● **Exercise requirements**
Only the lines below from the one containing "jk_typable C A -> (forall" to the one containing "by move: (Sfin i j) (Snp i j); case: (S i j)." should be repeated, both included and unchanged.

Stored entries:
(* Let $Z=\operatorname{diag}(z_1,\dots,z_N)$ with distinct real $z_i$, and let $\bm w_1,\bm w_2,\bm v_1\in\mathbb{R}^N$ satisfy $\bm w_1^T\bm v_1=1$, $\bm w_2^T\bm v_1=0$, $\bm w_2^TZ\bm v_1=1$. Run the following recursion: $b_0=\bm w_1^TZ\bm v_1$; $\bm v_2=Z\bm v_1-b_0\bm v_1$; $b_1=\bm w_2^TZ\bm v_2$, $c_1=\bm w_1^TZ\bm v_2$; $\bm v_3=Z\bm v_2-b_1\bm v_2-c_1\bm v_1$; $\hat{\bm w}_3=Z\bm w_1-c_1\bm w_2-b_0\bm w_1$; $d_2=\bm w_1^TZ\bm v_3$, $\bm w_3=\hat{\bm w}_3/d_2$; then for $n=3,\dots,N-1$: $b_{n-1}=\bm w_n^TZ\bm v_n$, $c_{n-1}=\bm w_{n-1}^TZ\bm v_n$, $\bm v_{n+1}=Z\bm v_n-b_{n-1}\bm v_n-c_{n-1}\bm v_{n-1}-d_{n-1}\bm v_{n-2}$, $\hat{\bm w}_{n+1}=Z\bm w_{n-1}-c_{n-1}\bm w_n-b_{n-2}\bm w_{n-1}-\bm w_{n-2}$, $d_n=\bm w_{n-1}^TZ\bm v_{n+1}$, $\bm w_{n+1}=\hat{\bm w}_{n+1}/d_n$; finally $b_{N-1}=\bm w_N^TZ\bm v_N$, $c_{N-1}=\bm w_{N-1}^TZ\bm v_N$. Suppose no breakdown occurs, i.e. $d_n\neq0$ for all $n=2,\dots,N-1$. Then the following inverse eigenvalue problem has a unique solution: find $W,V,H\in\mathbb{R}^{N\times N}$ with $H$ banded upper Hessenberg of the form $H_{i,i}=b_{i-1}$, $H_{i+1,i}=1$, $H_{i,i+1}=c_i$, $H_{i,i+2}=d_{i+1}$ (all other entries zero), such that (D1) the first two columns of $W$ are $\bm w_1,\bm w_2$ and the first column of $V$ is $\bm v_1$; (D2) $W^TV=I_N$; (D3) $W^TZV=H$. Moreover this solution is $W=[\bm w_1,\dots,\bm w_N]$, $V=[\bm v_1,\dots,\bm v_N]$ and $H$ with the coefficients produced by the recursion. *)

From mathcomp Require Import all_boot all_order all_algebra.
Set Implicit Arguments. Unset Strict Implicit. Unset Printing Implicit Defensive.
Import Order.TTheory GRing.Theory Num.Theory.
Local Open Scope ring_scope.

Definition dotv (R : ringType) (N : nat) (u v : 'cV[R]_N) : R := (u^T *m v) 0 0.

Definition diagZ (R : ringType) (N : nat) (z : 'I_N -> R) : 'M[R]_N :=
  diag_mx (\row_i z i).

Section Recursion.
Variables (R : fieldType) (N : nat) (Z : 'M[R]_N) (w1 w2 v1 : 'cV[R]_N).

Definition b0 : R := dotv w1 (Z *m v1).
Definition v2 : 'cV[R]_N := Z *m v1 - b0 *: v1.
Definition b1 : R := dotv w2 (Z *m v2).
Definition c1 : R := dotv w1 (Z *m v2).
Definition v3 : 'cV[R]_N := Z *m v2 - b1 *: v2 - c1 *: v1.
Definition w3hat : 'cV[R]_N := Z *m w1 - c1 *: w2 - b0 *: w1.
Definition d2 : R := dotv w1 (Z *m v3).
Definition w3 : 'cV[R]_N := d2^-1 *: w3hat.

(* state at stage n >= 3:
   (v_{n-2}, v_{n-1}, v_n, w_{n-2}, w_{n-1}, w_n, b_{n-2}, d_{n-1}) *)
Record St := MkSt {
  sV2 : 'cV[R]_N; sV1 : 'cV[R]_N; sV0 : 'cV[R]_N;
  sW2 : 'cV[R]_N; sW1 : 'cV[R]_N; sW0 : 'cV[R]_N;
  sB1 : R; sD0 : R }.

Definition st_init : St := MkSt v1 v2 v3 w1 w2 w3 b1 d2.

Definition st_step (s : St) : St :=
  let bn1 := dotv (sW0 s) (Z *m sV0 s) in
  let cn1 := dotv (sW1 s) (Z *m sV0 s) in
  let vnew := Z *m sV0 s - bn1 *: sV0 s - cn1 *: sV1 s - sD0 s *: sV2 s in
  let what := Z *m sW1 s - cn1 *: sW0 s - sB1 s *: sW1 s - sW2 s in
  let dn := dotv (sW1 s) (Z *m vnew) in
  MkSt (sV1 s) (sV0 s) vnew (sW1 s) (sW0 s) (dn^-1 *: what) bn1 dn.

(* stage k corresponds to n = k + 3 *)
Fixpoint stage (k : nat) : St :=
  if k is k'.+1 then st_step (stage k') else st_init.

(* 1-based sequences v_n, w_n (index 0 is unused junk) *)
Definition vseq (n : nat) : 'cV[R]_N :=
  match n with 0 => 0 | 1 => v1 | 2 => v2 | k.+3 => sV0 (stage k) end.
Definition wseq (n : nat) : 'cV[R]_N :=
  match n with 0 => 0 | 1 => w1 | 2 => w2 | k.+3 => sW0 (stage k) end.
Definition diag_inf (S : mat) : mat :=
  fun r c a => if (r == c) && (mwpi_rank (S c c a) != 1) then Iinf else I0.
Definition loop_extra (l : 'I_n) (S : mat) : mat :=
  fun r c a => if (r == l) && [exists i, mwpi_rank (S i c a) == 3] then Ip else I0.
Definition p_inf (S : mat) : mat :=
  fun r c a => if mwpi_rank (S r c a) == 3 then Iinf else I0.

Inductive det_cmd : nat -> cmd n -> mat -> nat -> Prop :=
| D_A k j e V k' : det_expr k e V k' ->
    det_cmd k (Asgn j e) (col_replace (dcst I0) (dcst Im) j V) k'
| D_C k C1 M1 k1 C2 M2 k2 : det_cmd k C1 M1 k1 -> det_cmd k1 C2 M2 k2 ->
    det_cmd k (Seq C1 C2) (mmul M1 M2) k2
| D_I k C1 M1 k1 C2 M2 k2 : det_cmd k C1 M1 k1 -> det_cmd k1 C2 M2 k2 ->
    det_cmd k (Ite C1 C2) (madd M1 M2) k2
| D_L k l C M S k' : det_cmd k C M k' -> star M S ->
    det_cmd k (Loop l C) (madd (madd S (diag_inf S)) (loop_extra l S)) k'
| D_W k C M S k' : det_cmd k C M k' -> star M S ->
    det_cmd k (While C) (madd (madd S (diag_inf S)) (p_inf S)) k'.
End Det.

(* |- P : M in the deterministic calculus, where p is the number of
   applications of rule E^A (indices 0..p-1, each used exactly once). *)
Definition det_derivable (p n : nat) (P : cmd n) (M : mx (dcoef p) n) : Prop :=
  det_cmd 0 P M p.

Definition eval_mx (p n : nat) (M : mx (dcoef p) n) (a : choice p) : mx mwpi n :=
  fun i j => M i j a.

From HB Require Import structures.
From mathcomp Require Import all_boot.
From Stdlib Require Import FunctionalExtensionality.
Set Implicit Arguments. Unset Strict Implicit. Unset Printing Implicit Defensive.

(* Fix a choice vector a.  Evaluation at a commutes with the operations of
   {0,1,2}^p -> mwp^oo and with the star, so M[a] is computed from the
   deterministic derivation pointwise.  mwp sits inside mwp^oo as the entries
   different from oo, and this embedding is an order embedding commuting with
   + and x; hence stars of oo-free matrices transfer back to mwp.  By induction
   on the derivation, if M[a] has no oo entry then neither have the matrices
   of the subderivations (oo is absorbing and a star dominates its matrix),
   the oo-entries added by L^oo and W^oo vanish exactly when the side
   conditions of (L) and (W) hold, and the value a_k of the k-th instance of
   E^A selects rule E4, E3 or E2.  Conversely an embedded mwp matrix has no oo
   entry. *)

Notation mwp_pow := (mx_pow mwp_add mwp_mul M0 Mm).
Notation mwp_star := (is_star mwp_add mwp_mul M0 Mm mwp_le).
Notation mwpi_mxmul := (mx_mul mwpi_add mwpi_mul I0).
Notation mwpi_pow := (mx_pow mwpi_add mwpi_mul I0 Im).
Notation mwpi_star := (is_star mwpi_add mwpi_mul I0 Im mwpi_le).

Lemma mwpi_addA : associative mwpi_add. Proof. by do 3 case. Qed.
Lemma mwpi_addC : commutative mwpi_add. Proof. by do 2 case. Qed.
Lemma mwpi_add0 : left_id I0 mwpi_add. Proof. by case. Qed.
HB.instance Definition _ :=
  Monoid.isComLaw.Build mwpi I0 mwpi_add mwpi_addA mwpi_addC mwpi_add0.

Lemma mwpi_addInf x : mwpi_add Iinf x = Iinf. Proof. by case: x. Qed.
Lemma mwpi_mulInf x : mwpi_mul Iinf x = Iinf. Proof. by case: x. Qed.
Lemma mwpi_mulrInf x : mwpi_mul x Iinf = Iinf. Proof. by case: x. Qed.

Lemma mwpi_add_neq_inf x y :
  mwpi_add x y <> Iinf -> x <> Iinf /\ y <> Iinf.
Proof. by case: x; case: y. Qed.

Lemma big_mwpi_add_inf (I : finType) (F : I -> mwpi) i0 :
  F i0 = Iinf -> \big[mwpi_add/I0]_i F i = Iinf.
Proof. by move=> Fi0; rewrite (bigD1 i0) //= Fi0 mwpi_addInf. Qed.

Lemma mx_mul_infl n (A B : mx mwpi n) i j :
  A i j = Iinf -> mwpi_mxmul A B i j = Iinf.
Proof.
by move=> Aij; rewrite /mx_mul (big_mwpi_add_inf (i0 := j)) // Aij mwpi_mulInf.
Qed.

Lemma mx_mul_infr n (A B : mx mwpi n) i j :
  B i j = Iinf -> mwpi_mxmul A B i j = Iinf.
Proof.
by move=> Bij; rewrite /mx_mul (big_mwpi_add_inf (i0 := i)) // Bij mwpi_mulrInf.
Qed.

(* A^1 = 1 A already contains m x A_ij = A_ij. *)
Lemma mwpi_star_inf n (A S : mx mwpi n) i j :
  mwpi_star A S -> A i j = Iinf -> S i j = Iinf.
Proof.
move=> AS Aij; have [/(_ 1%N) le_pow_S _] := AS i j.
have pow1 : mwpi_pow A 1 i j = Iinf.
  by rewrite /= /mx_mul (big_mwpi_add_inf (i0 := i)) // /mx_one eqxx Aij.
by move: le_pow_S; rewrite pow1 /mwpi_le; case: (S i j).
Qed.

Lemma emb_add x y : emb (mwp_add x y) = mwpi_add (emb x) (emb y).
Proof. by case: x; case: y. Qed.
Lemma emb_mul x y : emb (mwp_mul x y) = mwpi_mul (emb x) (emb y).
Proof. by case: x; case: y. Qed.
Lemma emb_rank x : mwpi_rank (emb x) = mwp_rank x. Proof. by case: x. Qed.
Lemma emb_neq_inf x : emb x <> Iinf. Proof. by case: x. Qed.

Definition unemb (x : mwpi) : mwp :=
  match x with I0 => M0 | Im => Mm | Iw => Mw | Ip | Iinf => Mp end.

Lemma unembK x : x <> Iinf -> emb (unemb x) = x. Proof. by case: x. Qed.

Lemma emb_big (I : Type) (r : seq I) (P : pred I) (F : I -> mwp) :
  emb (\big[mwp_add/M0]_(i <- r | P i) F i) =
  \big[mwpi_add/I0]_(i <- r | P i) emb (F i).
Proof. exact: (big_morph emb emb_add). Qed.

Lemma emb_mx_pow n (A' : mx mwp n) (A : mx mwpi n) :
  (forall i j, emb (A' i j) = A i j) ->
  forall k i j, emb (mwp_pow A' k i j) = mwpi_pow A k i j.
Proof.
move=> EA; elim=> [|k IHk] i j /=; first by rewrite /mx_one; case: (i == j).
by rewrite emb_big; apply: eq_bigr => l _; rewrite emb_mul IHk EA.
Qed.

Lemma mwp_star_unemb n (A' : mx mwp n) (A S : mx mwpi n) :
  (forall i j, emb (A' i j) = A i j) -> mwpi_star A S ->
  (forall i j, S i j <> Iinf) -> mwp_star A' (fun i j => unemb (S i j)).
Proof.
move=> EA AS Sfin i j; have [le_pow_S S_least] := AS i j.
rewrite /mwp_le -emb_rank unembK //; split=> [k | x le_pow_x].
  by rewrite -emb_rank (emb_mx_pow EA); apply: le_pow_S.
rewrite -(emb_rank x); apply: S_least => k.
by rewrite -(emb_mx_pow EA) /mwpi_le !emb_rank; apply: le_pow_x.
Qed.

Section Evaluation.
Variables (p n : nat) (a : choice p).
Notation dmx_add := (mx_add (@dadd p)).
Notation dmx_mul := (mx_mul (@dadd p) (@dmul p) (dcst I0)).
Notation dmx_pow := (mx_pow (@dadd p) (@dmul p) (dcst I0) (dcst Im)).

Lemma dsum_eval (I : Type) (r : seq I) (P : pred I) (F : I -> dcoef p) :
  (\big[@dadd p/dcst I0]_(i <- r | P i) F i) a =
  \big[mwpi_add/I0]_(i <- r | P i) F i a.
Proof.
by apply: (big_morph (fun f : dcoef p => f a) (op1 := mwpi_add) (op2 := @dadd p)).
Qed.

Lemma eval_mx_mul (A B : mx (dcoef p) n) i j :
  eval_mx (dmx_mul A B) a i j = mwpi_mxmul (eval_mx A a) (eval_mx B a) i j.
Proof. exact: dsum_eval. Qed.

Lemma eval_mx_pow (A : mx (dcoef p) n) k i j :
  eval_mx (dmx_pow A k) a i j = mwpi_pow (eval_mx A a) k i j.
Proof.
elim: k i j => [|k IHk] i j /=.
  by rewrite /eval_mx /mx_one; case: (i == j).
by rewrite eval_mx_mul; apply: eq_bigr => l _; rewrite IHk.
Qed.

(* For the leastness part, compare S with the coefficient that agrees with S
   except at a, where it takes the candidate bound x. *)
Lemma eval_is_star (A S : mx (dcoef p) n) :
  is_star (@dadd p) (@dmul p) (dcst I0) (dcst Im) (@dle p) A S ->
  mwpi_star (eval_mx A a) (eval_mx S a).
Proof.
move=> AS i j; have [le_pow_S S_least] := AS i j; split=> [k | x le_pow_x].
  by rewrite -eval_mx_pow; apply: le_pow_S.
pose g : dcoef p := fun b => if [forall t, b t == a t] then x else S i j b.
have ga : g a = x by rewrite /g; case: forallP => // -[].
suff /(_ a) : dle (S i j) g by rewrite ga.
apply: S_least => k b; rewrite /g.
case: forallP => [eq_ba | _]; last exact: le_pow_S.
have -> : b = a by apply: functional_extensionality => t; apply/eqP.
by have := le_pow_x k; rewrite -eval_mx_pow.
Qed.

Lemma eval_with_diag_inf (S X : mx (dcoef p) n) :
  (forall i j, dmx_add (dmx_add S (diag_inf S)) X i j a <> Iinf) ->
  [/\ forall i j, S i j a <> Iinf, forall i, S i i a = Im,
      forall i j, X i j a <> Iinf &
      forall i j, dmx_add (dmx_add S (diag_inf S)) X i j a =
                  mwpi_add (S i j a) (X i j a)].
Proof.
move=> fin.
have {}fin i j : [/\ S i j a <> Iinf, diag_inf S i j a <> Iinf & X i j a <> Iinf].
  by have /mwpi_add_neq_inf[/mwpi_add_neq_inf[]] := fin i j.
have diag0 i j : diag_inf S i j a = I0.
  by have [_ + _] := fin i j; rewrite /diag_inf; case: ifP.
split=> [i j | i | i j | i j]; try by case: (fin i j).
  have := diag0 i i; rewrite /diag_inf eqxx /=.
  by case: (fin i i) => + _ _; case: (S i i a).
by rewrite /mx_add /dadd diag0; case: (S i j a).
Qed.

End Evaluation.

Section JKTyping.
Variable n : nat.
Notation vadd := (@vc_add mwp mwp_add n).
Notation vscale := (@vc_scale mwp mwp_mul n).
Notation sgl := (@vc_sgl mwp M0 n).

Definition jk_typable (C : cmd n) (A : mx mwpi n) : Prop :=
  exists M' : mx mwp n, jk_cmd C M' /\ forall i j, emb (M' i j) = A i j.

Lemma jk_typable_eq C (A B : mx mwpi n) :
  jk_typable C A -> (forall i j, A i j = B i j) -> jk_typable C B.
Proof. by move=> [M' [CM' EM']] eAB; exists M'; split=> // i j; rewrite EM'. Qed.

Lemma jk_typable_asgn j e (V : vc mwpi n) :
  (exists V', jk_expr e V' /\ forall i, emb (V' i) = V i) ->
  jk_typable (Asgn j e) (col_replace I0 Im j V).
Proof.
move=> [V' [eV' EV']]; exists (col_replace M0 Mm j V'); split; first exact: JK_A.
by move=> r c; rewrite /col_replace /mx_one; case: (c == j); last case: (r == c).
Qed.

Lemma jk_typable_seq C1 C2 (A1 A2 : mx mwpi n) :
  jk_typable C1 A1 -> jk_typable C2 A2 ->
  jk_typable (Seq C1 C2) (mwpi_mxmul A1 A2).
Proof.
move=> [M1 [CM1 EM1]] [M2 [CM2 EM2]]; exists (mx_mul mwp_add mwp_mul M0 M1 M2).
split=> [|i j]; first exact: JK_C.
by rewrite emb_big; apply: eq_bigr => l _; rewrite emb_mul EM1 EM2.
Qed.

Lemma jk_typable_ite C1 C2 (A1 A2 : mx mwpi n) :
  jk_typable C1 A1 -> jk_typable C2 A2 ->
  jk_typable (Ite C1 C2) (mx_add mwpi_add A1 A2).
Proof.
move=> [M1 [CM1 EM1]] [M2 [CM2 EM2]]; exists (mx_add mwp_add M1 M2).
by split=> [|i j]; [exact: JK_I | rewrite /mx_add emb_add EM1 EM2].
Qed.

Lemma jk_typable_loop l C (A S : mx mwpi n) :
  jk_typable C A -> mwpi_star A S ->
  (forall i j, S i j <> Iinf) -> (forall i, S i i = Im) ->
  jk_typable (Loop l C) (fun i j => mwpi_add (S i j)
    (if (i == l) && [exists k, mwpi_rank (S k j) == 3] then Ip else I0)).
Proof.
move=> [M' [CM' EM']] AS Sfin Sdiag; set S' := fun i j => unemb (S i j).
exists (mx_add mwp_add S' (jk_loop_extra l S')); split.
  apply: JK_L CM' (mwp_star_unemb EM' AS Sfin) _ => i.
  by rewrite /S' Sdiag.
move=> i j; rewrite /mx_add emb_add unembK //; congr mwpi_add.
rewrite /jk_loop_extra (eq_existsb (fun k => _ : _ = (mwpi_rank (S k j) == 3))).
  by case: ifP.
by move=> k; rewrite /S' -emb_rank unembK.
Qed.

Lemma jk_typable_while C (A S : mx mwpi n) :
  jk_typable C A -> mwpi_star A S ->
  (forall i j, S i j <> Iinf) -> (forall i, S i i = Im) ->
  (forall i j, S i j <> Ip) -> jk_typable (While C) S.
Proof.
move=> [M' [CM' EM']] AS Sfin Sdiag Snp.
exists (fun i j => unemb (S i j)); split=> [|i j]; last exact: unembK.
apply: JK_W CM' (mwp_star_unemb EM' AS Sfin) _ _ => [i | i j].
  by rewrite Sdiag.
by move: (Sfin i j) (Snp i j); case: (S i j).
Qed.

● **Your response**
  jk_typable C A -> (forall i j, A i j = B i j) -> jk_typable C B.
Proof. by move=> [M' [CM' EM']] eAB; exists M'; split=> // i j; rewrite EM'. Qed.

Lemma jk_typable_asgn j e (V : vc mwpi n) :
  (exists V', jk_expr e V' /\ forall i, emb (V' i) = V i) ->
  jk_typable (Asgn j e) (col_replace I0 Im j V).
Proof.
move=> [V' [eV' EV']]; exists (col_replace M0 Mm j V'); split; first exact: JK_A.
by move=> r c; rewrite /col_replace /mx_one; case: (c == j); last case: (r == c).
Qed.

Lemma jk_typable_seq C1 C2 (A1 A2 : mx mwpi n) :
  jk_typable C1 A1 -> jk_typable C2 A2 ->
  jk_typable (Seq C1 C2) (mwpi_mxmul A1 A2).
Proof.
move=> [M1 [CM1 EM1]] [M2 [CM2 EM2]]; exists (mx_mul mwp_add mwp_mul M0 M1 M2).
split=> [|i j]; first exact: JK_C.
by rewrite emb_big; apply: eq_bigr => l _; rewrite emb_mul EM1 EM2.
Qed.

Lemma jk_typable_ite C1 C2 (A1 A2 : mx mwpi n) :
  jk_typable C1 A1 -> jk_typable C2 A2 ->
  jk_typable (Ite C1 C2) (mx_add mwpi_add A1 A2).
Proof.
move=> [M1 [CM1 EM1]] [M2 [CM2 EM2]]; exists (mx_add mwp_add M1 M2).
by split=> [|i j]; [exact: JK_I | rewrite /mx_add emb_add EM1 EM2].
Qed.

Lemma jk_typable_loop l C (A S : mx mwpi n) :
  jk_typable C A -> mwpi_star A S ->
  (forall i j, S i j <> Iinf) -> (forall i, S i i = Im) ->
  jk_typable (Loop l C) (fun i j => mwpi_add (S i j)
    (if (i == l) && [exists k, mwpi_rank (S k j) == 3] then Ip else I0)).
Proof.
move=> [M' [CM' EM']] AS Sfin Sdiag; set S' := fun i j => unemb (S i j).
exists (mx_add mwp_add S' (jk_loop_extra l S')); split.
  apply: JK_L CM' (mwp_star_unemb EM' AS Sfin) _ => i.
  by rewrite /S' Sdiag.
move=> i j; rewrite /mx_add emb_add unembK //; congr mwpi_add.
rewrite /jk_loop_extra (eq_existsb (fun k => _ : _ = (mwpi_rank (S k j) == 3))).
  by case: ifP.
by move=> k; rewrite /S' -emb_rank unembK.
Qed.

Lemma jk_typable_while C (A S : mx mwpi n) :
  jk_typable C A -> mwpi_star A S ->
  (forall i j, S i j <> Iinf) -> (forall i, S i i = Im) ->
  (forall i j, S i j <> Ip) -> jk_typable (While C) S.
Proof.
move=> [M' [CM' EM']] AS Sfin Sdiag Snp.
exists (fun i j => unemb (S i j)); split=> [|i j]; last exact: unembK.
apply: JK_W CM' (mwp_star_unemb EM' AS Sfin) _ _ => [i | i j].
  by rewrite Sdiag.
by move: (Sfin i j) (Snp i j); case: (S i j).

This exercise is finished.